[Source records]
+++

(* Let $\mathbb P$ be an atomless probability measure and $Y_1\le Y_2$ nonnegative random variables with $\mathbb E^{\mathbb P}(Y_1)<1<\mathbb E^{\mathbb P}(Y_2)<\infty$. Let $\overline{\mathbb Q}(A)=\sup_{\mathbb Q\in\mathcal P(\mathbb P,Y_1,Y_2)}\mathbb Q(A)$. For $A\in\mathcal F$: if $\mathbb E^{\mathbb P}(Y_2\mathds 1_A+Y_1\mathds 1_{A^c})\le1$, then $\overline{\mathbb Q}(A)=\mathbb E^{\mathbb P}(Y_2\mathds 1_A)$; if $\mathbb E^{\mathbb P}(Y_2\mathds 1_A+Y_1\mathds 1_{A^c})>1$, then $\overline{\mathbb Q}(A)=\mathbb E^{\mathbb P}(Y_2\mathds 1_B+Y_1\mathds 1_{A\setminus B})$ for any measurable $B\subseteq A$ with $\mathbb E^{\mathbb P}(Y_2\mathds 1_B+Y_1\mathds 1_{B^c})=1$ (such $B$ exist).
   Context: $\mathcal P(\mathbb P,Y_1,Y_2)=\{\mathbb Q \text{ probability on }(\Omega,\mathcal F):\mathbb Q\ll\mathbb P,\ Y_1\le \mathrm d\mathbb Q/\mathrm d\mathbb P\le Y_2\ \mathbb P\text{-a.s.}\}$. *)

From HB Require Import structures.
From mathcomp Require Import all_boot all_order all_algebra.
From mathcomp Require Import all_classical all_reals all_analysis.
Set Implicit Arguments. Unset Strict Implicit. Unset Printing Implicit Defensive.
Import Order.TTheory GRing.Theory Num.Theory.
Local Open Scope classical_set_scope.
Local Open Scope ring_scope.
Local Open Scope ereal_scope.

Definition atomless (d : measure_display) (T : measurableType d) (R : realType)
  (P : probability T R) : Prop :=
  forall A : set T, measurable A -> 0 < P A ->
    exists B : set T, [/\ measurable B, B `<=` A, 0 < P B & P B < P A].

Definition density_between (d : measure_display) (T : measurableType d)
  (R : realType) (P Q : probability T R) (Y1 Y2 : T -> R) : Prop :=
  exists f : T -> R,
    [/\ measurable_fun setT f,
        (forall x, (0 <= f x)%R),
        (forall A, measurable A -> Q A = \int[P]_(x in A) (f x)%:E)
      & {ae P, forall x, (Y1 x <= f x)%R /\ (f x <= Y2 x)%R}].

Definition PQset (d : measure_display) (T : measurableType d) (R : realType)
  (P : probability T R) (Y1 Y2 : T -> R) : set (probability T R) :=
  [set Q : probability T R | (Q : set T -> \bar R) `<< P /\ density_between P Q Y1 Y2].

Definition Qbar (d : measure_display) (T : measurableType d) (R : realType)
  (P : probability T R) (Y1 Y2 : T -> R) (A : set T) : \bar R :=
  ereal_sup [set Q A | Q in PQset P Y1 Y2].

From HB Require Import structures.
From mathcomp Require Import all_boot all_order all_algebra.
From mathcomp Require Import all_classical all_reals all_analysis.
From mathcomp Require Import measurable_realfun lra ring.
Set Implicit Arguments. Unset Strict Implicit. Unset Printing Implicit Defensive.
Import Order.TTheory GRing.Theory Num.Theory.
Local Open Scope classical_set_scope.
Local Open Scope ring_scope.
Local Open Scope ereal_scope.

(* The value Q(A) is largest when the density dQ/dP is pushed up to Y2 on A
   and down to Y1 off A.  If this extremal density Y2 1_A + Y1 1_(A^c) has
   total mass at most 1, every admissible density is at most Y2 on A, and the
   bound E(Y2 1_A) is attained by also raising the density from Y1 to Y2 on a
   part of A^c that carries the missing mass.  Otherwise
   Q(A) = 1 - Q(A^c) <= 1 - E(Y1 1_(A^c)), and this bound is attained by the
   extremal density of a set B included in A with total mass exactly 1.
   Both constructions rest on E(Y2 1_S + Y1 1_(S^c)) = E(Y1) + nu(S), where
   nu is the measure with density Y2 - Y1 with respect to P: nu is finite and,
   like P, atomless, hence takes every value between 0 and nu(U) on subsets
   of any U (Sierpinski's theorem). *)

Section indicator.
Context (T : Type) (R : pzRingType).
Implicit Types A B : set T.
Local Open Scope ring_scope.

Lemma indic_ge0 (F : numDomainType) A x : 0 <= \1_A x :> F.
Proof. by rewrite indicE ler0n. Qed.

Lemma indic_setC A x : \1_(~` A) x = 1 - \1_A x :> R.
Proof. by rewrite !indicE in_setC; case: (x \in A); rewrite ?subrr ?subr0. Qed.

Lemma indic_setU_disj A B x : A `&` B = set0 ->
  \1_(A `|` B) x = \1_A x + \1_B x :> R.
Proof.
move=> AB0; rewrite !indicE in_setU.
have [xA|_] := boolP (x \in A); last by rewrite add0r.
have [xB|_] := boolP (x \in B); last by rewrite addr0.
have : (A `&` B) x by split; exact/set_mem.
by rewrite AB0.
Qed.

Lemma indic_mul_sub A B x : B `<=` A -> \1_B x * \1_A x = \1_B x :> R.
Proof.
move=> BA; rewrite !indicE; have [xB|] := boolP (x \in B); last by rewrite mul0r.
by rewrite (mem_set (BA x (set_mem xB))) mulr1.
Qed.

Lemma indic_setD_sub A B x : B `<=` A -> \1_(A `\` B) x = \1_A x - \1_B x :> R.
Proof.
move=> BA; rewrite !indicE in_setD; have [xB|_] := boolP (x \in B).
  by rewrite (mem_set (BA x (set_mem xB))) subrr.
by rewrite andbT subr0.
Qed.

End indicator.

Section nonneg_integral.
Context d (T : measurableType d) (R : realType) (mu : {measure set T -> \bar R}).
Implicit Types h : T -> R.

Lemma integral_set_indic A h :
  \int[mu]_(x in A) (h x)%:E = \int[mu]_x (h x * \1_A x)%:E.
Proof.
rewrite integral_mkcond; apply: eq_integral => x _.
by rewrite /patch indicE; case: (x \in A); rewrite ?mulr1 ?mulr0.
Qed.

Lemma ge0_integralD_EFin h1 h2 :
  measurable_fun setT h1 -> measurable_fun setT h2 ->
  (forall x, 0 <= h1 x)%R -> (forall x, 0 <= h2 x)%R ->
  \int[mu]_x (h1 x + h2 x)%:E = \int[mu]_x (h1 x)%:E + \int[mu]_x (h2 x)%:E.
Proof.
move=> mh1 mh2 h1_ge0 h2_ge0; under eq_integral do rewrite EFinD.
by apply: ge0_integralD => // [x _||x _|]; rewrite ?lee_fin //; exact/measurable_EFinP.
Qed.

Lemma ae_ge0_le_integral_EFin h1 h2 :
  measurable_fun setT h1 -> measurable_fun setT h2 ->
  (forall x, 0 <= h1 x)%R -> (forall x, 0 <= h2 x)%R ->
  {ae mu, forall x, h1 x <= h2 x}%R ->
  \int[mu]_x (h1 x)%:E <= \int[mu]_x (h2 x)%:E.
Proof.
move=> mh1 mh2 h1_ge0 h2_ge0 h12.
apply: ae_ge0_le_integral => // [x _||x _||]; rewrite ?lee_fin //.
- exact/measurable_EFinP.
- exact/measurable_EFinP.
- by apply: filterS h12 => x h12x _; rewrite lee_fin.
Qed.

Lemma ge0_integral_fin_num_le h g :
  measurable_fun setT h -> measurable_fun setT g ->
  (forall x, 0 <= h x <= g x)%R -> \int[mu]_x (g x)%:E < +oo ->
  \int[mu]_x (h x)%:E \is a fin_num.
Proof.
move=> mh mg hg g_fin; rewrite ge0_fin_numE; last first.
  by apply: integral_ge0 => x _; have /andP[] := hg x; rewrite lee_fin.
apply: le_lt_trans g_fin; apply: ae_ge0_le_integral_EFin => //.
- by move=> x; have /andP[] := hg x.
- by move=> x; have /andP[h_ge0 /(le_trans h_ge0)] := hg x.
- by apply: aeW => x; have /andP[] := hg x.
Qed.

End nonneg_integral.

Section density_measure.
Context d (T : measurableType d) (R : realType) (mu : {measure set T -> \bar R}).
Variable f : T -> R.

Definition density_measure of measurable_fun setT f & (forall x, 0 <= f x)%R :
  set T -> \bar R := fun A => \int[mu]_(x in A) (f x)%:E.

Variables (mf : measurable_fun setT f) (f_ge0 : forall x, (0 <= f x)%R).

Let density_measure0 : density_measure mf f_ge0 set0 = 0.
Proof. exact: integral_set0. Qed.

Let density_measure_ge0 A : 0 <= density_measure mf f_ge0 A.
Proof. by apply: integral_ge0 => x _; rewrite lee_fin. Qed.

Let density_measure_sigma_additive : semi_sigma_additive (density_measure mf f_ge0).
Proof. by apply: semi_sigma_additive_nng_induced => //; exact/measurable_EFinP. Qed.

HB.instance Definition _ := isMeasure.Build _ _ _ (density_measure mf f_ge0)
  density_measure0 density_measure_ge0 density_measure_sigma_additive.

Definition density_probability of \int[mu]_x (f x)%:E = 1 :=
  density_measure mf f_ge0.

Variable f1 : \int[mu]_x (f x)%:E = 1.

HB.instance Definition _ :=
  Measure.copy (density_probability f1) (density_measure mf f_ge0).
HB.instance Definition _ :=
  Measure_isProbability.Build _ _ _ (density_probability f1) f1.

End density_measure.

Definition nonatomic d (T : measurableType d) (R : realType)
    (nu : set T -> \bar R) : Prop :=
  forall A, measurable A -> 0 < nu A ->
    exists B, [/\ measurable B, B `<=` A, 0 < nu B & nu B < nu A].

Section nonatomic_density_measure.
Context d (T : measurableType d) (R : realType) (mu : {measure set T -> \bar R}).
Variables (g : T -> R) (mg : measurable_fun setT g) (g_ge0 : forall x, (0 <= g x)%R).
Local Notation nu := (density_measure mu mg g_ge0).

Lemma density_measure_gt0 D : measurable D -> (forall x, D x -> 0 < g x)%R ->
  0 < mu D -> 0 < nu D.
Proof.
move=> mD Dg mu_D; rewrite lt0e measure_ge0 andbT; apply/negP => /eqP nuD0.
have : \int[mu]_(x in D) `|(EFin \o g) x| = 0.
  by rewrite -nuD0; apply: eq_integral => x _ /=; rewrite ger0_norm.
move/(ae_eq_integral_abs _ mD) => [|N [mN muN0 DN]].
  by apply: measurable_funTS; exact/measurable_EFinP.
have : mu D <= mu N.
  apply: le_measure; rewrite ?inE // => x Dx; apply: DN => /= /(_ Dx) gx0.
  by have := Dg x Dx; rewrite -lte_fin gx0 ltxx.
by rewrite muN0 leNgt mu_D.
Qed.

+++

ACTIVITY. Using the entries above, state how many lines contain the string "Section"; the number is all that is needed.

REPLY. 4